━━━━━ The data

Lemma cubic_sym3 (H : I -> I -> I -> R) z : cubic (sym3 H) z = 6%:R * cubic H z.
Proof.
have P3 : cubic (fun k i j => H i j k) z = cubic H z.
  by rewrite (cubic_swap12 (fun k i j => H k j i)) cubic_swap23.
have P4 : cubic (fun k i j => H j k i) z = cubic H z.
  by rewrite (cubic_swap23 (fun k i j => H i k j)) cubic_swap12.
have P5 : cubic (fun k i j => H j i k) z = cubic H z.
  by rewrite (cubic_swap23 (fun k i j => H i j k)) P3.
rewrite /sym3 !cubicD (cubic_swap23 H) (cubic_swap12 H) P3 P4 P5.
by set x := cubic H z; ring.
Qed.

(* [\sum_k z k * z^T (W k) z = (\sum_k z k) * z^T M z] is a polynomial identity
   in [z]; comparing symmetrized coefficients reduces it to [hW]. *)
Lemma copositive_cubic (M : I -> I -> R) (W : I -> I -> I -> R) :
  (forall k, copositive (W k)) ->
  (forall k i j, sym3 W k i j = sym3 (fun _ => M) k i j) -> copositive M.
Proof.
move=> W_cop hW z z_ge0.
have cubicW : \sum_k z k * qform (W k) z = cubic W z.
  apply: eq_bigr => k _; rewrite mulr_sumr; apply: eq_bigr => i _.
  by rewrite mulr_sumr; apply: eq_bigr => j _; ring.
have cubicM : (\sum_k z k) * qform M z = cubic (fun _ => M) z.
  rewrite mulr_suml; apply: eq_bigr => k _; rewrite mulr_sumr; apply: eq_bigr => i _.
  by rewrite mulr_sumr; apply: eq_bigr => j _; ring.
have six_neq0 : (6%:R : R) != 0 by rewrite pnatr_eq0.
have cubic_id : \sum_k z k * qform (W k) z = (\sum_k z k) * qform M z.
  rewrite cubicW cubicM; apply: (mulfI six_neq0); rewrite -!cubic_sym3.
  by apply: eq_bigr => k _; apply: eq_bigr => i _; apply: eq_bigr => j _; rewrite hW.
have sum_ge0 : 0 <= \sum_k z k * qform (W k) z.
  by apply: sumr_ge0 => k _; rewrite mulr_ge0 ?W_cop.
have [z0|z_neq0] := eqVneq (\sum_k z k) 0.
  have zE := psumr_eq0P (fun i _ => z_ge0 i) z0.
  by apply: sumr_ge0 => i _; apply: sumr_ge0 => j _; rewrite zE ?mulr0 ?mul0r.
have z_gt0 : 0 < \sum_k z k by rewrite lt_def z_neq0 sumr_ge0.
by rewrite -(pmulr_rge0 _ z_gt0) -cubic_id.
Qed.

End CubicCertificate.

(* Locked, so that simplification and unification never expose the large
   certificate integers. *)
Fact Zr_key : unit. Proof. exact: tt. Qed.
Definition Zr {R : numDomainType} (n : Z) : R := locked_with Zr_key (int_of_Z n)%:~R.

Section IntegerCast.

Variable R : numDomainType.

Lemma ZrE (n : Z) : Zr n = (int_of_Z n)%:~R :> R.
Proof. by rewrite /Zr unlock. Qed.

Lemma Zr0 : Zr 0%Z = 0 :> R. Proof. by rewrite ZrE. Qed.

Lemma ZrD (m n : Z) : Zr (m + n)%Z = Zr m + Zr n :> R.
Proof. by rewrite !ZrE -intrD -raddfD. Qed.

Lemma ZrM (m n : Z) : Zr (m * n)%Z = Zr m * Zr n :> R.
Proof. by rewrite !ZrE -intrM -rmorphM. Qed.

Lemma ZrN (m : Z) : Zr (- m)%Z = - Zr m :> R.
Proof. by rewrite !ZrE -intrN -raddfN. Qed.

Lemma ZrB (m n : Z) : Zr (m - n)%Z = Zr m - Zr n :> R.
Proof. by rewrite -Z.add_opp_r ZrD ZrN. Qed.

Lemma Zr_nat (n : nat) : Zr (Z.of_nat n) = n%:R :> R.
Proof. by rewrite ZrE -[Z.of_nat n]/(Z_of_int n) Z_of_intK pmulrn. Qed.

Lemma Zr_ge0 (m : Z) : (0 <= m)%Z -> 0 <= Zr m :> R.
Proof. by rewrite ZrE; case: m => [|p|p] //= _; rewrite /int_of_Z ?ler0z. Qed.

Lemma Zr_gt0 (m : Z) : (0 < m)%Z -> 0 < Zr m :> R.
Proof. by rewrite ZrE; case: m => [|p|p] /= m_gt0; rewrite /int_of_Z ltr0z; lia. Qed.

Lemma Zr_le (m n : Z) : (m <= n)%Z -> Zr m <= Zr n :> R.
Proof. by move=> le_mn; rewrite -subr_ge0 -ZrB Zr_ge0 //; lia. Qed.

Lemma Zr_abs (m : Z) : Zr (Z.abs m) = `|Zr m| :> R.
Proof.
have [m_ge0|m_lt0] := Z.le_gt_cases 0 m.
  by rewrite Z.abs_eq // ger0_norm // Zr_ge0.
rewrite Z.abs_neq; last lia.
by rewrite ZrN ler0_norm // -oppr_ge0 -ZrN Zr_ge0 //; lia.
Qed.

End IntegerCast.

━━━━━━━━━━
━━━━━ The data

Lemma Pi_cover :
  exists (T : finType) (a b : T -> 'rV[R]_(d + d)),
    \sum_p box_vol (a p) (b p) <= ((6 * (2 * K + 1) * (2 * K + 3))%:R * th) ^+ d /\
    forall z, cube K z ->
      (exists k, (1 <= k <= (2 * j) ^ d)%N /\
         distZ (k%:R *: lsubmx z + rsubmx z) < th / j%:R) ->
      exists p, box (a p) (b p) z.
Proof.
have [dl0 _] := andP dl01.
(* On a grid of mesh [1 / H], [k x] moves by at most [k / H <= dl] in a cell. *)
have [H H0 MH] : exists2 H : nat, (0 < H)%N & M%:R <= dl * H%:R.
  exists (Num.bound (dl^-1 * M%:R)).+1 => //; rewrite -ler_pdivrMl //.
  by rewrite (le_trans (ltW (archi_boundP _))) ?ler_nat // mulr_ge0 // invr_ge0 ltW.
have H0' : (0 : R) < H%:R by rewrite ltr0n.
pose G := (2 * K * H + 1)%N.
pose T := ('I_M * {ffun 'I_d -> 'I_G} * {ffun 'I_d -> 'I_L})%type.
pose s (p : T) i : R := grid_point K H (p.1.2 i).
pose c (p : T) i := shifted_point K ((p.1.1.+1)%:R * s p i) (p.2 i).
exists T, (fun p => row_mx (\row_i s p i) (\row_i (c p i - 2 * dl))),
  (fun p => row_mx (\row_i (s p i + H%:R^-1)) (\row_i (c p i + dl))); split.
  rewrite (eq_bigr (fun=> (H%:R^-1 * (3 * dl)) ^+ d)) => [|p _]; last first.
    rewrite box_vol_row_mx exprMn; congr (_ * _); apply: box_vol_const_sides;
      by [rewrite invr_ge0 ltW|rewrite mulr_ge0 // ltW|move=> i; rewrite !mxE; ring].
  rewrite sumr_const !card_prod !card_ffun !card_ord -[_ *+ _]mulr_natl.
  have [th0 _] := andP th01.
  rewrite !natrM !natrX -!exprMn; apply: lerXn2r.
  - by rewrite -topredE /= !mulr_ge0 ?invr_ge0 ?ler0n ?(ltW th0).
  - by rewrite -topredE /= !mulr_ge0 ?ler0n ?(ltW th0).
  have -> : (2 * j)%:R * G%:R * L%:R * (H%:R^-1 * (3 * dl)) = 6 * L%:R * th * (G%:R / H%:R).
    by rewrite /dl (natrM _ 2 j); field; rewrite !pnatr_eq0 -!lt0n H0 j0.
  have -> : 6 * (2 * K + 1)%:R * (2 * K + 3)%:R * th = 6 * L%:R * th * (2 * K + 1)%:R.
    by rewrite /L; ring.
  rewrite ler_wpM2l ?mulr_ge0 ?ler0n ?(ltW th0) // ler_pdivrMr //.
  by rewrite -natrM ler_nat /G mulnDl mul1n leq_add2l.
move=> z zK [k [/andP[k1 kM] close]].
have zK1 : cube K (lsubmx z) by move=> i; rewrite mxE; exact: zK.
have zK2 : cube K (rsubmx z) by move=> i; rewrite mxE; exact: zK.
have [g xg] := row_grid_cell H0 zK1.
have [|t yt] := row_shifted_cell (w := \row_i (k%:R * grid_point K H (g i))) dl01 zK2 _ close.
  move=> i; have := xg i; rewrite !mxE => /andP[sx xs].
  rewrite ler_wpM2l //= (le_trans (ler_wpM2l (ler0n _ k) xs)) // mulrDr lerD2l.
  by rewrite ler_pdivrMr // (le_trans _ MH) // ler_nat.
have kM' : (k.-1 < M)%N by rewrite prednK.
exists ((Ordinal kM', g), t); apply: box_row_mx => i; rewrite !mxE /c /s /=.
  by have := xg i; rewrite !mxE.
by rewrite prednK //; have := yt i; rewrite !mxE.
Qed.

━━━━━━━━━━

● **Try it**:
Within the listing above, extract exactly the lines from the line with "Lemma cubic_sym3 (H" to the line with "move=> W_cop hW z z_ge0.", the two named lines included, and no others.

● **Written solution**:
Lemma cubic_sym3 (H : I -> I -> I -> R) z : cubic (sym3 H) z = 6%:R * cubic H z.
Proof.
have P3 : cubic (fun k i j => H i j k) z = cubic H z.
  by rewrite (cubic_swap12 (fun k i j => H k j i)) cubic_swap23.
have P4 : cubic (fun k i j => H j k i) z = cubic H z.
  by rewrite (cubic_swap23 (fun k i j => H i k j)) cubic_swap12.
have P5 : cubic (fun k i j => H j i k) z = cubic H z.
  by rewrite (cubic_swap23 (fun k i j => H i j k)) P3.
rewrite /sym3 !cubicD (cubic_swap23 H) (cubic_swap12 H) P3 P4 P5.
by set x := cubic H z; ring.
Qed.

(* [\sum_k z k * z^T (W k) z = (\sum_k z k) * z^T M z] is a polynomial identity
   in [z]; comparing symmetrized coefficients reduces it to [hW]. *)
Lemma copositive_cubic (M : I -> I -> R) (W : I -> I -> I -> R) :
  (forall k, copositive (W k)) ->
  (forall k i j, sym3 W k i j = sym3 (fun _ => M) k i j) -> copositive M.
Proof.
move=> W_cop hW z z_ge0.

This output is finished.